**WHAT IS NEEDED**: The lines to copy are those with "kappa" in them. Pull each one from the entries below.

**SOURCE RECORDS**:
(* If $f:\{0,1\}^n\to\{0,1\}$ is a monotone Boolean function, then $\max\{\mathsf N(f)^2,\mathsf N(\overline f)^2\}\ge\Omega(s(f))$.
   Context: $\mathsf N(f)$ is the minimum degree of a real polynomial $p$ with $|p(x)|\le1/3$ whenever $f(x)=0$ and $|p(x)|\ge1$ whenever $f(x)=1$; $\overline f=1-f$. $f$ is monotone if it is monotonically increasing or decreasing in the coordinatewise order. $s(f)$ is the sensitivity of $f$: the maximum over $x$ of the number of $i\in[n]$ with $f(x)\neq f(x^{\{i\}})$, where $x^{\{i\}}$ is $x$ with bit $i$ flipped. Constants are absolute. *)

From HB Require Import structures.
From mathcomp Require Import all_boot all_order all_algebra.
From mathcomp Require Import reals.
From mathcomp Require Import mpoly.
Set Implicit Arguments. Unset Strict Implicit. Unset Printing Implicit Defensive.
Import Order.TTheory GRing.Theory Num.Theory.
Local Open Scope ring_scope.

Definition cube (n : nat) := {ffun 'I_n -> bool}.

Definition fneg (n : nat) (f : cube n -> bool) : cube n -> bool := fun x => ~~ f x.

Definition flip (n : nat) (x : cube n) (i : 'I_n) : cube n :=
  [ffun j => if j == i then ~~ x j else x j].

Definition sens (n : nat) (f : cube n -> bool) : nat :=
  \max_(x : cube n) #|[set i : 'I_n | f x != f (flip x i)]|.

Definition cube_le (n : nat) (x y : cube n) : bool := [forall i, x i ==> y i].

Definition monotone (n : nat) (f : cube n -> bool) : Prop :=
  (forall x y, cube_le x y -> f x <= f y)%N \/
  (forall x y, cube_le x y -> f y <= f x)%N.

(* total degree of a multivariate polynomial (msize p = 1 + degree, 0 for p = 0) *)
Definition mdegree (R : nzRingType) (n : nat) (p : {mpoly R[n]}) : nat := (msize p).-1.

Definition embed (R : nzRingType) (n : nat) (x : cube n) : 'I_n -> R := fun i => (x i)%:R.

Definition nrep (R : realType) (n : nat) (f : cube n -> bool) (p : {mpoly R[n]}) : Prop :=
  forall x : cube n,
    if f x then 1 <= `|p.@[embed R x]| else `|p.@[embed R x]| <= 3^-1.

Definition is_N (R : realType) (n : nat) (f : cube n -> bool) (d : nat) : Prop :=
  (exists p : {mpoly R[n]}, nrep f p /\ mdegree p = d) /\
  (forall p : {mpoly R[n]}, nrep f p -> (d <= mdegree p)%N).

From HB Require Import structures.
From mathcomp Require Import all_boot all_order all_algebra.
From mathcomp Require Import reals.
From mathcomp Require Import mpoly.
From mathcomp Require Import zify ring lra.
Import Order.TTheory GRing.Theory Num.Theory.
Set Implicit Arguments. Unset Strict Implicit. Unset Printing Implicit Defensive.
* * *
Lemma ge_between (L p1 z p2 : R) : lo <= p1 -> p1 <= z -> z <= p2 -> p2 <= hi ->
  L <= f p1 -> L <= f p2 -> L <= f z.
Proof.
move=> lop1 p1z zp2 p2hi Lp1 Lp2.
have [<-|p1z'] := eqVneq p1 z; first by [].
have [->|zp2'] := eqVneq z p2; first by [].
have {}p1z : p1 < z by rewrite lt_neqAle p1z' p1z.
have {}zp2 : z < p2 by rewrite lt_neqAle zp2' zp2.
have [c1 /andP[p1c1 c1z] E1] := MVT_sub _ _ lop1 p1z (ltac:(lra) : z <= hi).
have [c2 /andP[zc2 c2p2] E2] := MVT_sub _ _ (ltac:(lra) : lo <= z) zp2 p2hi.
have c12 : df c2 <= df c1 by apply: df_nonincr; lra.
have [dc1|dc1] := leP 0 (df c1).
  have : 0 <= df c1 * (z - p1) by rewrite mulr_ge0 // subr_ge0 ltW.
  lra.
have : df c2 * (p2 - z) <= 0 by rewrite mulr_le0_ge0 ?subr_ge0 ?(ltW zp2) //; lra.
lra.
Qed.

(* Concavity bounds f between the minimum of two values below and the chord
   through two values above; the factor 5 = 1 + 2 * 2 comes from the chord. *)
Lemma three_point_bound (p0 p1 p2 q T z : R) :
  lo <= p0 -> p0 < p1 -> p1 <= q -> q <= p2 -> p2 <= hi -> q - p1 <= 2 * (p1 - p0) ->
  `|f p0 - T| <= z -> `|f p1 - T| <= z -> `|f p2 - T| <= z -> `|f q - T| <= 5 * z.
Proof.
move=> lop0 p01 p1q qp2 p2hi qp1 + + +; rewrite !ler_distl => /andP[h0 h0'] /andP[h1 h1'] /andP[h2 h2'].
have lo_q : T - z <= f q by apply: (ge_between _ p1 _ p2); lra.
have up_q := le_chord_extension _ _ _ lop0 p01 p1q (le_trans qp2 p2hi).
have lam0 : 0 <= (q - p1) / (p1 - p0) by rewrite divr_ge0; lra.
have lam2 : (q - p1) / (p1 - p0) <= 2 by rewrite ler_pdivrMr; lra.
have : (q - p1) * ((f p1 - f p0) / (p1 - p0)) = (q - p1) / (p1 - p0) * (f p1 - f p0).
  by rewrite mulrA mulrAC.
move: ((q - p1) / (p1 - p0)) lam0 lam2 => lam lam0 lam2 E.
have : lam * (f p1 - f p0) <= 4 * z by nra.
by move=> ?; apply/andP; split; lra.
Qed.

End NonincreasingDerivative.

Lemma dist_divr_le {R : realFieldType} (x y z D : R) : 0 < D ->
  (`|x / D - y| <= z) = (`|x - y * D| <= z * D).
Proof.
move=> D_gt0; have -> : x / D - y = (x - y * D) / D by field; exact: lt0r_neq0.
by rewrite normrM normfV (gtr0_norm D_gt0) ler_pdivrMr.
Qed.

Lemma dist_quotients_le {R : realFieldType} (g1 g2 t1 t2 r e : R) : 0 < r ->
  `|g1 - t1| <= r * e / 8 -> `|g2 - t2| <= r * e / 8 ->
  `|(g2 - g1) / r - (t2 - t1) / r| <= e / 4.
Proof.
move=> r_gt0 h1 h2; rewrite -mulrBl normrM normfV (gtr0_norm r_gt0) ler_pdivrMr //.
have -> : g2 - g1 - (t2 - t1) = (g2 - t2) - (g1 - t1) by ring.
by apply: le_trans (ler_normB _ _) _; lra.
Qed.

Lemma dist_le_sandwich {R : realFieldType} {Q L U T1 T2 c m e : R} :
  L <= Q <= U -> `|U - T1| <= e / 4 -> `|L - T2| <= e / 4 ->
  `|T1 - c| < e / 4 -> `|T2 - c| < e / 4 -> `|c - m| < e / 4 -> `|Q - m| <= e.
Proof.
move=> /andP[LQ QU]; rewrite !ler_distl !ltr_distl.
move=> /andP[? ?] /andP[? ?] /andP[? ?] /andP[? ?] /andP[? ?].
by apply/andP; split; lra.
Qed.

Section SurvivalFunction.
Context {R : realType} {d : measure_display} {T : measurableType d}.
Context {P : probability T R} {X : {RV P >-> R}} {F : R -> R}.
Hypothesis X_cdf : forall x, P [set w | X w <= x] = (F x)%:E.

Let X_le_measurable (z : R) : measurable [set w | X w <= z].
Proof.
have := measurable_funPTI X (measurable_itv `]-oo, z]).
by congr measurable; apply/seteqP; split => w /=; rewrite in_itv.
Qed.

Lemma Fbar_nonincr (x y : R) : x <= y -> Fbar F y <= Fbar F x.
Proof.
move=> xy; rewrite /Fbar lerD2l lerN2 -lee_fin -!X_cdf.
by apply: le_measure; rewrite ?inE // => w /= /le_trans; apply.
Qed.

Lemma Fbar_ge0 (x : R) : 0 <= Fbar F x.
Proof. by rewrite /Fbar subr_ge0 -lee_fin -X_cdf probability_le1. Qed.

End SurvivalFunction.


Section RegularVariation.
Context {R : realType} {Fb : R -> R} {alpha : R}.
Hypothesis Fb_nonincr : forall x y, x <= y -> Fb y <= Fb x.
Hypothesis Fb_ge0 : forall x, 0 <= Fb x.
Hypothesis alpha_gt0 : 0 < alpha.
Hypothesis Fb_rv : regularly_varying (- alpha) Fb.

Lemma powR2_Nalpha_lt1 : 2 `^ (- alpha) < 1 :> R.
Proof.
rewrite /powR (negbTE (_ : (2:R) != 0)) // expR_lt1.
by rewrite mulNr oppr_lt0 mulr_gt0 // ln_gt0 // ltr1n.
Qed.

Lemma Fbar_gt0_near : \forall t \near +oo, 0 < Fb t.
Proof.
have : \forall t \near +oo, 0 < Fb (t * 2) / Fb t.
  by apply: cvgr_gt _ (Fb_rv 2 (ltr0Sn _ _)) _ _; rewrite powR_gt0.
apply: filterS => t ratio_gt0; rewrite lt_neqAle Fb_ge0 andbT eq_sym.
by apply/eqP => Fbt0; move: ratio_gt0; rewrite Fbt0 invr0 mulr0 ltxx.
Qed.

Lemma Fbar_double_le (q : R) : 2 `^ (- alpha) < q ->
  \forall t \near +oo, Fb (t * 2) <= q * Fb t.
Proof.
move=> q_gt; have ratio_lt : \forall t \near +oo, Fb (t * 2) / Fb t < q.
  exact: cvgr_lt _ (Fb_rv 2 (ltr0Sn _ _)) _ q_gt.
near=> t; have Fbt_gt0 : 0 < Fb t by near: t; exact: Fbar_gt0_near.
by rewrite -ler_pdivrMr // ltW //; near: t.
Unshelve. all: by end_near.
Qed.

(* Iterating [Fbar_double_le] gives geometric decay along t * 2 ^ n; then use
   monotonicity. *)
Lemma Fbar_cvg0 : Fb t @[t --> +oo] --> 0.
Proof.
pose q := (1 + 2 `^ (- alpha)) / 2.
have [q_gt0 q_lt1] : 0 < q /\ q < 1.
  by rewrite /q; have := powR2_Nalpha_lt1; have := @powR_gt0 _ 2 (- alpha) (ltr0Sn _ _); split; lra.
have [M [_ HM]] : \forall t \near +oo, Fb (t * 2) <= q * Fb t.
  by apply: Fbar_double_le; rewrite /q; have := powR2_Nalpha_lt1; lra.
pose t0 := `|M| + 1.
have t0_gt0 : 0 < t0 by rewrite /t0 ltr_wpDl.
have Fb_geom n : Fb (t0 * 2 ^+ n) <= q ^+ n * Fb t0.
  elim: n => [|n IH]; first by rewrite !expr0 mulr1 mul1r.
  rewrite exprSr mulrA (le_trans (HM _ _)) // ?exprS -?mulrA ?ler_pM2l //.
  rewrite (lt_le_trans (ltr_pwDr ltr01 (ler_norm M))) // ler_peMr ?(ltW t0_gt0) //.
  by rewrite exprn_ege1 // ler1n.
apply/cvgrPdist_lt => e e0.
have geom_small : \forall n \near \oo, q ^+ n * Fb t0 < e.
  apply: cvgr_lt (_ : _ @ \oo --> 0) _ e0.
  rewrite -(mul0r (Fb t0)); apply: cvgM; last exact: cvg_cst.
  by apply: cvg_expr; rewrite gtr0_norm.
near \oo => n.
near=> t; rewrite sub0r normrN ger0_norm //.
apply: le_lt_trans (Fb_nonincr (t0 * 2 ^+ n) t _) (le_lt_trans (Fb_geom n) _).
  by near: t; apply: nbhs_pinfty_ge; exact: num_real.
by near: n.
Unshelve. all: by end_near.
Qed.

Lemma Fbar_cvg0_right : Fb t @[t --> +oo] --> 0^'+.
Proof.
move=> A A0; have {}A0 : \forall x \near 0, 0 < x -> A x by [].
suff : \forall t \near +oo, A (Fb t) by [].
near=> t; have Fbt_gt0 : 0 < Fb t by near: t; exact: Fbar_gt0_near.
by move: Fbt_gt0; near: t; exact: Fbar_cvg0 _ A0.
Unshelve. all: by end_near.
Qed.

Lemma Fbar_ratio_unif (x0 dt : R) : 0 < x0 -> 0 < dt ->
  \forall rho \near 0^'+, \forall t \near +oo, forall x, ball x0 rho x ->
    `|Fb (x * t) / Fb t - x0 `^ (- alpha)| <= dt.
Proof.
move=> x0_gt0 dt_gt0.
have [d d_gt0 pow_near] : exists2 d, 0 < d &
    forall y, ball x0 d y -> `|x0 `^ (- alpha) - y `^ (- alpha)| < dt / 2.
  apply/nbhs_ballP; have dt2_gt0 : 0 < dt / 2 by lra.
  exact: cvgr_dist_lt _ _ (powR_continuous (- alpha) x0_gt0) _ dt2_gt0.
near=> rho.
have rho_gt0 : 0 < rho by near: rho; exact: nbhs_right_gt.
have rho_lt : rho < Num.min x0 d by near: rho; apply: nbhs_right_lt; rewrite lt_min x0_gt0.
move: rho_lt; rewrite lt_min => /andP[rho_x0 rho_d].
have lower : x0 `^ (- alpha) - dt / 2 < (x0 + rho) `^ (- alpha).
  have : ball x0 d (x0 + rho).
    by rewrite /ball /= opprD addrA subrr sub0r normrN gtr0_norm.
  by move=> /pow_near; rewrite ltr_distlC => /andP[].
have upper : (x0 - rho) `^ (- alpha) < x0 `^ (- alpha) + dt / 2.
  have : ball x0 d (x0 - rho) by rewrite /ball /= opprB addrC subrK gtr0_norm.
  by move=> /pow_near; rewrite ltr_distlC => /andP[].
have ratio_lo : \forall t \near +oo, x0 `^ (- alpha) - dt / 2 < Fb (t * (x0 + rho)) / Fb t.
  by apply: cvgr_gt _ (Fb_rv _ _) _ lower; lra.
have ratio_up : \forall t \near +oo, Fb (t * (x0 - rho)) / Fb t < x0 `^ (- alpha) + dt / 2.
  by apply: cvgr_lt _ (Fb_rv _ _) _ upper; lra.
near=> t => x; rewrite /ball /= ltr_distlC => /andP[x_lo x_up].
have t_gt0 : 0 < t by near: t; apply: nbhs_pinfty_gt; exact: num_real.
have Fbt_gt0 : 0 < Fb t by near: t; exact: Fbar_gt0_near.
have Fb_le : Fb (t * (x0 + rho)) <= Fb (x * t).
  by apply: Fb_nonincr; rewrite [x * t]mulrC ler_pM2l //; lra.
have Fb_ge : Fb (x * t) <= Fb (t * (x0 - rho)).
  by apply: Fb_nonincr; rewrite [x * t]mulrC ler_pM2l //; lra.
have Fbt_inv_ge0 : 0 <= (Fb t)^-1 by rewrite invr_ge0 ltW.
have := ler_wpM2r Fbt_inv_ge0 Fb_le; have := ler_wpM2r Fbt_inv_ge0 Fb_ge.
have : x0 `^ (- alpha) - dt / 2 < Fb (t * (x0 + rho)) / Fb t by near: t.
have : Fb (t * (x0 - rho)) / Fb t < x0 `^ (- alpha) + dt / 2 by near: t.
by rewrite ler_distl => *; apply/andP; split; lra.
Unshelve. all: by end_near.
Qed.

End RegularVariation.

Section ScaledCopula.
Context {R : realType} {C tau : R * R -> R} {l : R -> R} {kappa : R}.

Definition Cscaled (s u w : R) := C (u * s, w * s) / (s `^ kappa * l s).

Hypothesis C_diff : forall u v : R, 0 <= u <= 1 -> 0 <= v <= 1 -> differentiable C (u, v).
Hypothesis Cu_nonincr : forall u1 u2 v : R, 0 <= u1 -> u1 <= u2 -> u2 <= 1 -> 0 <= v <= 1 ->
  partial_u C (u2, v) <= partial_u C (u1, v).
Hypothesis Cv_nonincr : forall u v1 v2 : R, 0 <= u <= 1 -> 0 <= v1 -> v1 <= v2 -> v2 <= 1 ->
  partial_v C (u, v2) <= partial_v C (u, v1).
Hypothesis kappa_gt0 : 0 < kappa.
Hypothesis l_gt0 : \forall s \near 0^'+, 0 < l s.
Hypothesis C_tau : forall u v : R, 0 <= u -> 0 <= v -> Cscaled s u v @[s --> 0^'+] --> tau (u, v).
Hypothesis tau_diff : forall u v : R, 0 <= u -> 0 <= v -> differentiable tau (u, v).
--
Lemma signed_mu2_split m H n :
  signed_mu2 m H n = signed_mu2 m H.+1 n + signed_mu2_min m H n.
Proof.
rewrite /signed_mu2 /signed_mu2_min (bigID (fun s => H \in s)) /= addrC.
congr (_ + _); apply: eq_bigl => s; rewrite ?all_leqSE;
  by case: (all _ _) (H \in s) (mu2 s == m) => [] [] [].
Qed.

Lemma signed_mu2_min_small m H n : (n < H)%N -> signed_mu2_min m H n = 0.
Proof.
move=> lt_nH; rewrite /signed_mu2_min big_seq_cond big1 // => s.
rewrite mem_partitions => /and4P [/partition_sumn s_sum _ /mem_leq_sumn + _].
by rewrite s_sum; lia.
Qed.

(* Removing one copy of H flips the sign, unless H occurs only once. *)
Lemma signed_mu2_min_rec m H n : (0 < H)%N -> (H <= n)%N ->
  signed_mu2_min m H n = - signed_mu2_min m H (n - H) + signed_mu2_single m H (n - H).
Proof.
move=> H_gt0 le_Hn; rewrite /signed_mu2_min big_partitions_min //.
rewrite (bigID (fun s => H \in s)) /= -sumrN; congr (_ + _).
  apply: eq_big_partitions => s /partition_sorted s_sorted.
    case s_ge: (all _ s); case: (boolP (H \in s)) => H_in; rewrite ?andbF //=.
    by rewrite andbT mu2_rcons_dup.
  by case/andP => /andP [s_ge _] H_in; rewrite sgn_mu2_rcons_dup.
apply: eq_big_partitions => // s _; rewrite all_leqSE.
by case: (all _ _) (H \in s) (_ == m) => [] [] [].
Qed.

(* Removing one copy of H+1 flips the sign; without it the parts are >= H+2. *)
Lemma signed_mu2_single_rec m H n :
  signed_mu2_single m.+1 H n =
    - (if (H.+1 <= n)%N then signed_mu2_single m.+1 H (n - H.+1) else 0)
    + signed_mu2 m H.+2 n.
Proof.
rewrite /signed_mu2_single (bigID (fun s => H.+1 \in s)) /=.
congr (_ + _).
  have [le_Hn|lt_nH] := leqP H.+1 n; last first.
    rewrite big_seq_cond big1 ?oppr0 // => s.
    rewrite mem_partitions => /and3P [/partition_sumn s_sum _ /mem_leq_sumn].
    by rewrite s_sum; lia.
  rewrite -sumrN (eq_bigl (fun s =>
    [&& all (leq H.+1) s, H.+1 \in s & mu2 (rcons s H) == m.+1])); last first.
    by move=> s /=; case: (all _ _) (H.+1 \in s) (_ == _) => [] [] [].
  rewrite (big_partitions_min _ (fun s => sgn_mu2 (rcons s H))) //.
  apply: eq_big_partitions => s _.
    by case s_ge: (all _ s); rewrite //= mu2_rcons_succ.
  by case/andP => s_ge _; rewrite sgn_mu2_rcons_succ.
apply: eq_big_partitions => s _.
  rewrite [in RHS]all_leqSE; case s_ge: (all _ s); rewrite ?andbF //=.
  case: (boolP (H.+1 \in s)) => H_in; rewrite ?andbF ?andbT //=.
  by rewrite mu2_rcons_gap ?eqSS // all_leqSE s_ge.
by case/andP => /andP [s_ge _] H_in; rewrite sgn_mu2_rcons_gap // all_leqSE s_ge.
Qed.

**EXERCISE RESULT**:
Context {R : realType} {C tau : R * R -> R} {l : R -> R} {kappa : R}.
Definition Cscaled (s u w : R) := C (u * s, w * s) / (s `^ kappa * l s).
Hypothesis kappa_gt0 : 0 < kappa.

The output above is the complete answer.